(* Let $D\subset\mathbb N^n$ be finite, not contained in any coordinate hyperplane, $p$ a prime, $\ell\ge1$, and let $\mathbf e_{-1},\mathbf e_0,\dots,\mathbf e_{\ell-1}\in\Sigma_p(D)$ (not necessarily distinct) with $\mathbf e_{-1}=\mathbf e_{\ell-1}$ and $V(\mathbf e_i,\mathbf e_{i-1})\ne\emptyset$ for $0\le i\le\ell-1$. For each $i$ choose $V_i=(v_{i\mathbf d})_{\mathbf d}\in V(\mathbf e_i,\mathbf e_{i-1})$. Then $U=(u_{\mathbf d})$ with $u_{\mathbf d}=\sum_{i=0}^{\ell-1}p^iv_{i\mathbf d}$ is a minimal element of $E_{D,p}(\ell)$ whose support satisfies $\varphi_U(i)=\mathbf e_{\ell-1-i}$ for $0\le i\le\ell-1$.
   Context: $s_p$ = base-$p$ digit sum. $E_{D,p}(r)$ = set of $U=(u_{\mathbf d})\in\{0,\dots,p^r-1\}^D$ with $\sum u_{\mathbf d}\mathbf d\equiv0\pmod{p^r-1}$ and all coordinates of $\sum u_{\mathbf d}\mathbf d$ positive; $s_p(U)=\sum s_p(u_{\mathbf d})$; $\delta_p(D)=\frac1{p-1}\min_{r\ge1}\min_{U\in E_{D,p}(r)}s_p(U)/r$; minimal means $s_p(U)=(p-1)r\delta_p(D)$. Shift $\delta_r$: $k\mapsto pk\bmod(p^r-1)$ for $k\le p^r-2$, $p^r-1\mapsto p^r-1$, coordinatewise. $\varphi_U(j)=\frac1{p^r-1}\sum\mathbf d(\delta_r^jU)_{\mathbf d}$ for $j\in\mathbb Z/r\mathbb Z$; irreducible means $\varphi_U$ injective; $MI_{D,p}$ = minimal irreducible elements of all lengths; $\Sigma_p(D)=\bigcup_{U\in MI_{D,p}}\mathrm{Im}\varphi_U$. $\psi(U)=(u_{\mathbf d}\bmod p)_{\mathbf d}$; $V(\mathbf e,\mathbf e')=\{\psi(U):U\in MI_{D,p},\varphi_U(-1)=\mathbf e,\varphi_U(0)=\mathbf e'\}$. *)

From HB Require Import structures.
From mathcomp Require Import all_boot.
From mathcomp Require Import finmap.

Unset Printing Implicit Defensive.

Local Open Scope fset_scope.

(* Vectors of N^n are n.-tuple nat; D : {fset n.-tuple nat}; an element
   U = (u_d)_{d in D} is a finite function {ffun D -> nat}. *)

Section Defs.
Variables (n : nat) (D : {fset n.-tuple nat}) (p : nat).

(* base-p digit sum s_p(k): digit i is (k %/ p^i) %% p; for p >= 2 all
   nonzero digits have index i <= k. *)
Definition digsum (k : nat) : nat := \sum_(i < k.+1) (k %/ p ^ i) %% p.

Definition sU (U : {ffun D -> nat}) : nat := \sum_(x : D) digsum (U x).

Definition wsum (U : {ffun D -> nat}) (j : 'I_n) : nat :=
  \sum_(x : D) U x * tnth (val x) j.
Theorem theorem2p5 (F : fieldType) (L : splittingFieldType F) (m : nat)
    (sigma : gal_of {:L}) (d : L) :
  (2 <= m)%N ->
  \dim {:L} = m ->
  galois 1%AS {:L} ->
  'Gal({:L} / 1%AS)%g = <[sigma]>%g ->
  (forall z : F, z ^+ m = 1 -> z = 1) ->
  d != 0 ->
  (forall E : {subfield L}, d \in E -> (E :> {vspace L}) = fullv) ->
  [/\ (forall G : cycA L m -> cycA L m, is_FAut sigma d G -> forall x : L, G (cyc_emb m x) = cyc_emb m x),
      (exists Phi : (cycA L m -> cycA L m) -> L,
         [/\ forall G : cycA L m -> cycA L m, is_FAut sigma d G -> galNorm 1%AS {:L} (Phi G) = 1,
             forall G H : cycA L m -> cycA L m, is_FAut sigma d G -> is_FAut sigma d H ->
               Phi (G \o H) = Phi G * Phi H,
             forall G H : cycA L m -> cycA L m, is_FAut sigma d G -> is_FAut sigma d H ->
               Phi G = Phi H -> G =1 H &
             forall k : L, galNorm 1%AS {:L} k = 1 ->
               exists G : cycA L m -> cycA L m, is_FAut sigma d G /\ Phi G = k])
    & forall G : cycA L m -> cycA L m, is_FAut sigma d G -> is_inner sigma d G].
Proof.
case: m => [|[|n]] // _ dimL galL Gal_cyclic rootsF d_neq0 d_gen.
have moves_d := sigmaX_moves_generator dimL galL Gal_cyclic d_gen.
have galNormE := galNorm_pnorm dimL galL Gal_cyclic.
have restrK_id := restrK_id dimL galL Gal_cyclic rootsF d_neq0 d_gen.
have pnorm_kappa := pnorm_kappa dimL galL Gal_cyclic rootsF d_neq0 d_gen.
have FAutE := FAutE dimL galL Gal_cyclic rootsF d_neq0 d_gen.
split.
- by move=> G HG x; rewrite (FAut_mon0 HG moves_d) restrK_id.
- exists (@kappa _ _ n); split.
  + by move=> G HG; rewrite galNormE pnorm_kappa.
  + by move=> G H; exact: kappa_comp.
  + by move=> G H HG HH eq_kappa x; rewrite (FAutE G HG) (FAutE H HH) eq_kappa.
  + move=> k; rewrite galNormE => Nk; exists (diag_aut sigma k).
    by rewrite kappa_diag_aut; split=> //; exact: diag_aut_FAut.
- by move=> G; exact: FAut_inner.
Qed.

::::

Exercise prompt: Start at the line containing "H; exact: kappa_comp.". Repeat it and each line after it, word for word, to the end of the records.

Response to this exercise:
  + by move=> G H; exact: kappa_comp.
  + by move=> G H HG HH eq_kappa x; rewrite (FAutE G HG) (FAutE H HH) eq_kappa.
  + move=> k; rewrite galNormE => Nk; exists (diag_aut sigma k).
    by rewrite kappa_diag_aut; split=> //; exact: diag_aut_FAut.
- by move=> G; exact: FAut_inner.
Qed.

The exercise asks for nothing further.